*** Opening Available records ***
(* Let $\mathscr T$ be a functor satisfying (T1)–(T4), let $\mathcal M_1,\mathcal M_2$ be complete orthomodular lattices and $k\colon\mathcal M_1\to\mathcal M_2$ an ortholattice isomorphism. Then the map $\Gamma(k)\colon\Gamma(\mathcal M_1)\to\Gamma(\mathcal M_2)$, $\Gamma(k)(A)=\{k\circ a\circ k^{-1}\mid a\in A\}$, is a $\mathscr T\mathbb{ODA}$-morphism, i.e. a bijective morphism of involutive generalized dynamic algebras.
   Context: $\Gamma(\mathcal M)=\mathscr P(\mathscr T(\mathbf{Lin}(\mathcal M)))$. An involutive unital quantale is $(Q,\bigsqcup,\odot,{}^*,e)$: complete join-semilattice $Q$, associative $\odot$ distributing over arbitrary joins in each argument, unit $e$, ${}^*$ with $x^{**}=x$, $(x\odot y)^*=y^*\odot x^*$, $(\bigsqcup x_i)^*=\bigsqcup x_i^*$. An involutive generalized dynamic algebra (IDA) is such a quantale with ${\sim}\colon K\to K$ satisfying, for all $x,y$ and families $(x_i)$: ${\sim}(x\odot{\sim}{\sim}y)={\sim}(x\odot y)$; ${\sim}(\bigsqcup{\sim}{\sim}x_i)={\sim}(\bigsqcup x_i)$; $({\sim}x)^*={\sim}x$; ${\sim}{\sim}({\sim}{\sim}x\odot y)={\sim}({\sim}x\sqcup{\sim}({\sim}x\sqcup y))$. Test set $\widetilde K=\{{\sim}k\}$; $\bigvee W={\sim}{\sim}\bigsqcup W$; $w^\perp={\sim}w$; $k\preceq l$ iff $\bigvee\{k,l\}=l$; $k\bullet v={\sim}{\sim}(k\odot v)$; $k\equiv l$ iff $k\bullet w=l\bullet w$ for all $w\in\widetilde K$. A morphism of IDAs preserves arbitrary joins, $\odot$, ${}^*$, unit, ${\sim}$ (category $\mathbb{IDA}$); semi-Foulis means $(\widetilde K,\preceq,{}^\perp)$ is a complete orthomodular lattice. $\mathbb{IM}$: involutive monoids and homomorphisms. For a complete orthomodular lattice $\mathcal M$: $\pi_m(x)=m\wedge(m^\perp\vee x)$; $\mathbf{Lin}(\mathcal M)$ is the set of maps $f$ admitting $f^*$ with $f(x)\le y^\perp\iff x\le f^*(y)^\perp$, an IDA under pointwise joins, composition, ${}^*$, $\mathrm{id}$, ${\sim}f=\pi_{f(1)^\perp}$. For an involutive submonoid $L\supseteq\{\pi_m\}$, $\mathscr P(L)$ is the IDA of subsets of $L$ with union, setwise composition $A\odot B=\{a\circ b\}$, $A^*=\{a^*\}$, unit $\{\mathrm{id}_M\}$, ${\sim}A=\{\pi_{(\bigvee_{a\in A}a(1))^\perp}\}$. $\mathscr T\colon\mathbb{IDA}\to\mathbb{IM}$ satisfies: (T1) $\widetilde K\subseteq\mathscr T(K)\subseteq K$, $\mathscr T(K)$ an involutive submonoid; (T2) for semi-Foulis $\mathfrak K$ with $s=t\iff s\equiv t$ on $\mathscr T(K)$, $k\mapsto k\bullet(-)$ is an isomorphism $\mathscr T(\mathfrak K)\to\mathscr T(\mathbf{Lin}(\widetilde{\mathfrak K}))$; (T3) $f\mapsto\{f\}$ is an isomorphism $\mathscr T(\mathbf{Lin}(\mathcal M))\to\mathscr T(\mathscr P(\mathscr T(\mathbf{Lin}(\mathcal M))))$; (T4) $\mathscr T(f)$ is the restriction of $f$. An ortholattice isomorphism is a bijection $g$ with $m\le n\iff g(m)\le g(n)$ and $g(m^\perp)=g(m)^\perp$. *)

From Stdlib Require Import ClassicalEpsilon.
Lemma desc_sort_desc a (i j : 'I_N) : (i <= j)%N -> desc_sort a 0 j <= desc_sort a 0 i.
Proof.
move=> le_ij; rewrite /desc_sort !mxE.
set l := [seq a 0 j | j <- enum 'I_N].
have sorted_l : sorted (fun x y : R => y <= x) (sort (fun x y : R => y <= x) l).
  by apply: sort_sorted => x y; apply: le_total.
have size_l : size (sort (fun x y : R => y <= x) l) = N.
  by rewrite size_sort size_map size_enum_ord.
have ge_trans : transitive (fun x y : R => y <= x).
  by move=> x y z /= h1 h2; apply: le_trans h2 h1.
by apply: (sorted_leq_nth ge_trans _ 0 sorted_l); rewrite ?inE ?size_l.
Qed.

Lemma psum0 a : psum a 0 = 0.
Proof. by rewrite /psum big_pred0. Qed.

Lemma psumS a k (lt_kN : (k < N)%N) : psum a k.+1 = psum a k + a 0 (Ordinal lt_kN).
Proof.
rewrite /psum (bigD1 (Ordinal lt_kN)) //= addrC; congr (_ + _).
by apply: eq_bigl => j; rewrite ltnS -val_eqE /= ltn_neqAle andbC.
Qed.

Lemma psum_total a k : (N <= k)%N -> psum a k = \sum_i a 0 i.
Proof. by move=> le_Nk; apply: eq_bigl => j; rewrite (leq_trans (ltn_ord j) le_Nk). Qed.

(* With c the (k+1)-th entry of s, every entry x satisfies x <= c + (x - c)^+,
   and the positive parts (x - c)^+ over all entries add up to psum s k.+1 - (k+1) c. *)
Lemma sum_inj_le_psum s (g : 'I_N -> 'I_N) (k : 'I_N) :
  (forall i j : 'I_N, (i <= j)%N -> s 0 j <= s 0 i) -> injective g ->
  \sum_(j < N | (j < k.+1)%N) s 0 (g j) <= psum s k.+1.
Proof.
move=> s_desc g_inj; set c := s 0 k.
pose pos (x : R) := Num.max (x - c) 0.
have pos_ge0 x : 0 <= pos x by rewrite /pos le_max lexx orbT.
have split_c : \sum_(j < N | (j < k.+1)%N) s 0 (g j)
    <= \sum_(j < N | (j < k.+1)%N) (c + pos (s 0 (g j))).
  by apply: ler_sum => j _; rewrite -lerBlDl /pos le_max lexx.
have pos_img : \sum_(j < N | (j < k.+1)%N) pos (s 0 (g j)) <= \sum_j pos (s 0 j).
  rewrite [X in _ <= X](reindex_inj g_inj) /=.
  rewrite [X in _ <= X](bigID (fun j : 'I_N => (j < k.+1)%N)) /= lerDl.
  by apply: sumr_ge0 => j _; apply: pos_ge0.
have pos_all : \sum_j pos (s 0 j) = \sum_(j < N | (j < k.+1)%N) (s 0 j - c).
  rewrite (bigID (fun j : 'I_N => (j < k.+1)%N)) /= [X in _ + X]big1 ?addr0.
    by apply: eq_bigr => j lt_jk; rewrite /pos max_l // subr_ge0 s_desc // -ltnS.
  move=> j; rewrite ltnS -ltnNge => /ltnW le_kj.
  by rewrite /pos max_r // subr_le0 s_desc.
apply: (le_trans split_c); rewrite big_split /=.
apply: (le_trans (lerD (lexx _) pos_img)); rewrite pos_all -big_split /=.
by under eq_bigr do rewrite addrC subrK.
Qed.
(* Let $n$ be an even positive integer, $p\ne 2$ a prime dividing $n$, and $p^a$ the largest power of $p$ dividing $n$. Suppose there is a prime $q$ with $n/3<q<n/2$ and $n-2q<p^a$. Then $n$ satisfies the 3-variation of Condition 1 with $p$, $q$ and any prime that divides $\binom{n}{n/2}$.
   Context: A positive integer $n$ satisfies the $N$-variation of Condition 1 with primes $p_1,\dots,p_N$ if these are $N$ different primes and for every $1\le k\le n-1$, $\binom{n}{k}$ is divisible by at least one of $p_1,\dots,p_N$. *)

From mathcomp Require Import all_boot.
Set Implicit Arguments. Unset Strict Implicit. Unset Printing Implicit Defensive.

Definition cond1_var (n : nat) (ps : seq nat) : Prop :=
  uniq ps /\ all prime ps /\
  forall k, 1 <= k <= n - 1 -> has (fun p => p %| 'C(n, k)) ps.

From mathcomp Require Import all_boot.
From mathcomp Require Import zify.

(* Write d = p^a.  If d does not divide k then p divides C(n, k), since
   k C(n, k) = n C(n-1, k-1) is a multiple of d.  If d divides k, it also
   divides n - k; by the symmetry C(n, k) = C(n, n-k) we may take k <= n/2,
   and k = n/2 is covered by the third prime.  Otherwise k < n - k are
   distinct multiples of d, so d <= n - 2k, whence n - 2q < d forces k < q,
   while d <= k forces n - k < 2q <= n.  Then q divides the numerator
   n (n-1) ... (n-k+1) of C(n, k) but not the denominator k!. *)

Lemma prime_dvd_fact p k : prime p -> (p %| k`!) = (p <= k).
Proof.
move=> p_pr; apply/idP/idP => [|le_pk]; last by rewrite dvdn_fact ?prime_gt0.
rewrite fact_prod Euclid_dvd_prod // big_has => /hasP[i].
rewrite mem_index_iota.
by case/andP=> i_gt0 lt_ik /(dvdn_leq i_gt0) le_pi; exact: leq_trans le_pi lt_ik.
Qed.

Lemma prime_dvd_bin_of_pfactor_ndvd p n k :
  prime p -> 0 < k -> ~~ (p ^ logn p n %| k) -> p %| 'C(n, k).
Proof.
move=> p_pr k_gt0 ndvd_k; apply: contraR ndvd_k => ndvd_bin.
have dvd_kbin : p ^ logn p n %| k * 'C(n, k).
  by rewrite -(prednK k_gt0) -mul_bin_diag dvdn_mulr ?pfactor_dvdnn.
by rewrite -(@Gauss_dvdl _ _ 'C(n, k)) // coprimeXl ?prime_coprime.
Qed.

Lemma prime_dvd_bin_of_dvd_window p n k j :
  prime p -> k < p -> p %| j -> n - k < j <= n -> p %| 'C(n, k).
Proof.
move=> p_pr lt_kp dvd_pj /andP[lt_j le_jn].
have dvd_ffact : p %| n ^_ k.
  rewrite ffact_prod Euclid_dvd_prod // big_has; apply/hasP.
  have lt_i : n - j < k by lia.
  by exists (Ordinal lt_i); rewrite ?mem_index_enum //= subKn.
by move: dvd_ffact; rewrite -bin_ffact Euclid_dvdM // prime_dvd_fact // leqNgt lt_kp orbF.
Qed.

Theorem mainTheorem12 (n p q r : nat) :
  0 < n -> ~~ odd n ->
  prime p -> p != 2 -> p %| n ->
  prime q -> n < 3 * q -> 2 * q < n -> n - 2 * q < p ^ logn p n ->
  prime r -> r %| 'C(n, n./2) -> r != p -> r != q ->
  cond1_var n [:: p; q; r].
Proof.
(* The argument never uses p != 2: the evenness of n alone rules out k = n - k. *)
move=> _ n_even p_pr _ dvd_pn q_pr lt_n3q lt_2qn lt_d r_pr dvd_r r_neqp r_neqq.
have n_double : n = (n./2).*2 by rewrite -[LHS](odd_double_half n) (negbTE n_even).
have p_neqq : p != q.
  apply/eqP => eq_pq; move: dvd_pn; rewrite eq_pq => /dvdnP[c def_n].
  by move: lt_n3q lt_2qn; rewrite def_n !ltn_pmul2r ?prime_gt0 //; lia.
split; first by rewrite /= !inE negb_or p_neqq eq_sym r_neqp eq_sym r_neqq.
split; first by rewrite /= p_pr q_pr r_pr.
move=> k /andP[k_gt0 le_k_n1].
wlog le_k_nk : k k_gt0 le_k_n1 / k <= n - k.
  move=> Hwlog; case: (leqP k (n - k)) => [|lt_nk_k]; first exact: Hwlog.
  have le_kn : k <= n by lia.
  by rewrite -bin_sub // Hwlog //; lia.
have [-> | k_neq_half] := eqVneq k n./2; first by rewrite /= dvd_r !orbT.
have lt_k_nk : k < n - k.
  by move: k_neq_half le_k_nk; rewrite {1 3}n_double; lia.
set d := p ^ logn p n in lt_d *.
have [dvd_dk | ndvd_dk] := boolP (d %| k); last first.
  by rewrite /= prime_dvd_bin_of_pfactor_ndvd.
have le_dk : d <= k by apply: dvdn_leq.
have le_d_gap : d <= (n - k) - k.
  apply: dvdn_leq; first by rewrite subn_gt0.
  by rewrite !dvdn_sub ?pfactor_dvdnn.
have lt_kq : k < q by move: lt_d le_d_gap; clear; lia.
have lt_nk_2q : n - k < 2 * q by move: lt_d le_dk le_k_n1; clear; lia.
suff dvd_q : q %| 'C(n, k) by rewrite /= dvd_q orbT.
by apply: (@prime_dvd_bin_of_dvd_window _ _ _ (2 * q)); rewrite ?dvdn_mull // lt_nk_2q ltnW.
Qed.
*** Closing Available records ***
Task to carry out: Scan the entries for lines with the string "exact". Report only how many there are.

Output for this exercise: 2